INumericOperations<T>

Properties

Alpha

Gets or sets the balance parameter between hard loss and soft loss.

public double Alpha { get; set; }

Property Value

double

Remarks

For Beginners: Alpha controls the trade-off between learning from true labels (hard loss) and learning from the teacher (soft loss).

Alpha values: - α = 0: Only learn from teacher (pure distillation) - α = 0.3-0.5: Balanced (recommended) - α = 1: Only learn from labels (no distillation)

Validation: Must be between 0 and 1. Setting invalid values throws ArgumentException.

Temperature

Gets or sets the temperature parameter for softening probability distributions.

public double Temperature { get; set; }

Property Value

double

Remarks

For Beginners: Higher temperature makes predictions "softer", revealing more about the model's uncertainty and class relationships.

Temperature effects: - T = 1: Standard predictions (sharp) - T = 2-5: Softer predictions (recommended for distillation) - T > 10: Very soft (may be too smooth)

Validation: Must be positive (> 0).

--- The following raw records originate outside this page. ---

Record is_CQG_Hopf_star (A : algType K) (Delta : A -> seq (A * A))
    (eps : A -> K) (S : A -> A) (st : A -> A) (Phi : A -> K) : Prop := {
  cop_lin : forall (k : K) x y,
    teq2 (Delta (k *: x + y)) (tscale k (Delta x) ++ Delta y);
  cop_mul : forall x y,
    teq2 (Delta (x * y)) [seq (p.1 * q.1, p.2 * q.2) | p <- Delta x, q <- Delta y];
  cop_one : teq2 (Delta 1) [:: (1, 1)];
  cop_coass : forall a,
    teq3 [seq (p.1, q.1, q.2) | p <- Delta a, q <- Delta p.2]
         [seq (q.1, q.2, p.2) | p <- Delta a, q <- Delta p.1];
  eps_lin : forall (k : K) x y, eps (k *: x + y) = k * eps x + eps y;
  eps_mul : forall x y, eps (x * y) = eps x * eps y;
  eps_one : eps 1 = 1;
  eps_counit_l : forall a, \sum_(p <- Delta a) eps p.1 *: p.2 = a;
  eps_counit_r : forall a, \sum_(p <- Delta a) eps p.2 *: p.1 = a;
  S_lin : forall (k : K) x y, S (k *: x + y) = k *: S x + S y;
  S_antipode_l : forall a, \sum_(p <- Delta a) S p.1 * p.2 = eps a *: 1;
  S_antipode_r : forall a, \sum_(p <- Delta a) p.1 * S p.2 = eps a *: 1;
  st_antilin : forall (k : K) x y, st (k *: x + y) = k^* *: st x + st y;
  st_mul : forall x y, st (x * y) = st y * st x;
  st_invol : forall x, st (st x) = x;
  cop_st : forall a, teq2 (Delta (st a)) [seq (st p.1, st p.2) | p <- Delta a];
  Phi_lin : forall (k : K) x y, Phi (k *: x + y) = k * Phi x + Phi y;
  Phi_one : Phi 1 = 1;
  Phi_pos : forall a, 0 <= Phi (st a * a);
  Phi_inv_l : forall a, \sum_(p <- Delta a) Phi p.1 *: p.2 = Phi a *: 1;
  Phi_inv_r : forall a, \sum_(p <- Delta a) Phi p.2 *: p.1 = Phi a *: 1
}.

Record is_right_coideal_star_subalg (A : algType K) (Delta : A -> seq (A * A))
    (st : A -> A) (B : A -> Prop) : Prop := {
  B_one : B 1;
  B_lin : forall (k : K) x y, B x -> B y -> B (k *: x + y);
  B_mul : forall x y, B x -> B y -> B (x * y);
  B_st : forall x, B x -> B (st x);
  B_coideal : forall b, B b ->
    exists s : seq (A * A), (forall p, p \in s -> B p.1) /\ teq2 (Delta b) s
}.

(* pi : A -> C is the quotient map A -> A / A B_+ (B_+ = B \cap ker eps),
   DeltaC, epsC are the induced coalgebra structure on C and actC the
   induced left A-action  a . pi(a') = pi(a a'). *)
Record is_quotient_coalg (A : algType K) (Delta : A -> seq (A * A))
    (eps : A -> K) (B : A -> Prop) (C : lmodType K) (pi : A -> C)
    (DeltaC : C -> seq (C * C)) (epsC : C -> K) (actC : A -> C -> C) : Prop := {
  pi_lin : forall (k : K) x y, pi (k *: x + y) = k *: pi x + pi y;
  pi_surj : forall c, exists a, pi a = c;
  pi_ker : forall x, pi x = 0 <->
    exists s : seq (A * A), (forall p, p \in s -> B p.2 /\ eps p.2 = 0) /\
                            x = \sum_(p <- s) p.1 * p.2;
  copC_def : forall a, teq2 (DeltaC (pi a)) [seq (pi p.1, pi p.2) | p <- Delta a];
  epsC_def : forall a, epsC (pi a) = eps a;
  actC_def : forall a a', actC a (pi a') = pi (a * a')
}.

Setting invalid values throws ArgumentException.

Methods

ComputeGradient(Matrix<T>, Matrix<T>, Matrix<T>?)

Computes the gradient of the distillation loss for backpropagation.

public abstract Matrix<T> ComputeGradient(Matrix<T> studentBatchOutput, Matrix<T> teacherBatchOutput, Matrix<T>? trueLabelsBatch = null)

Parameters

studentBatchOutput Matrix<T>

The student model's output logits for a batch. Shape: [batch_size x num_classes]

teacherBatchOutput Matrix<T>

The teacher model's output logits for a batch. Shape: [batch_size x num_classes]

trueLabelsBatch Matrix<T>

Ground truth labels for the batch (optional). Shape: [batch_size x num_classes]

Returns

Matrix<T>

The gradient of the loss with respect to student outputs. Shape: [batch_size x num_classes]

Remarks

For Implementers: Override this method to compute gradients for your strategy. The gradient should match the loss computation in ComputeLoss.

Batch Processing: Returns a gradient matrix with the same shape as the input, one gradient row for each sample in the batch.

ComputeLoss(Matrix<T>, Matrix<T>, Matrix<T>?)

Computes the distillation loss between student and teacher batch outputs.

public abstract T ComputeLoss(Matrix<T> studentBatchOutput, Matrix<T> teacherBatchOutput, Matrix<T>? trueLabelsBatch = null)

Parameters

studentBatchOutput Matrix<T>

The student model's output logits for a batch. Shape: [batch_size x num_classes]

teacherBatchOutput Matrix<T>

The teacher model's output logits for a batch. Shape: [batch_size x num_classes]

trueLabelsBatch Matrix<T>

Ground truth labels for the batch (optional). Shape: [batch_size x num_classes]

Returns

T

The computed distillation loss value (scalar) for the batch.

Remarks

For Implementers: Override this method to define your strategy's loss computation. The base class handles temperature and alpha; you focus on the loss calculation logic.

Batch Processing: The loss should be computed over all samples in the batch and typically averaged. Each row in the input matrices represents one sample.

ValidateLabelDimensions(Matrix<T>, Matrix<T>?)

Validates that batch outputs and labels have matching dimensions (if labels are provided).

protected void ValidateLabelDimensions(Matrix<T> batchOutput, Matrix<T>? labelsBatch)

Parameters

batchOutput Matrix<T>

Batch output to validate.

labelsBatch Matrix<T>

Labels batch to validate (can be null).

Remarks

If labels are null, validation is skipped (for pure soft distillation without labels).

Exceptions

ArgumentException

Thrown when dimensions don't match.

ValidateOutputDimensions(Matrix<T>, Matrix<T>)

Validates that student and teacher batch outputs have matching dimensions.

protected void ValidateOutputDimensions(Matrix<T> studentBatchOutput, Matrix<T> teacherBatchOutput)

Parameters

studentBatchOutput Matrix<T>

Student batch output to validate.

teacherBatchOutput Matrix<T>

Teacher batch output to validate.

Remarks

Checks both batch size (rows) and output dimension (columns) match between student and teacher.

Exceptions

ArgumentNullException

Thrown when outputs are null.

ArgumentException

Thrown when dimensions don't match.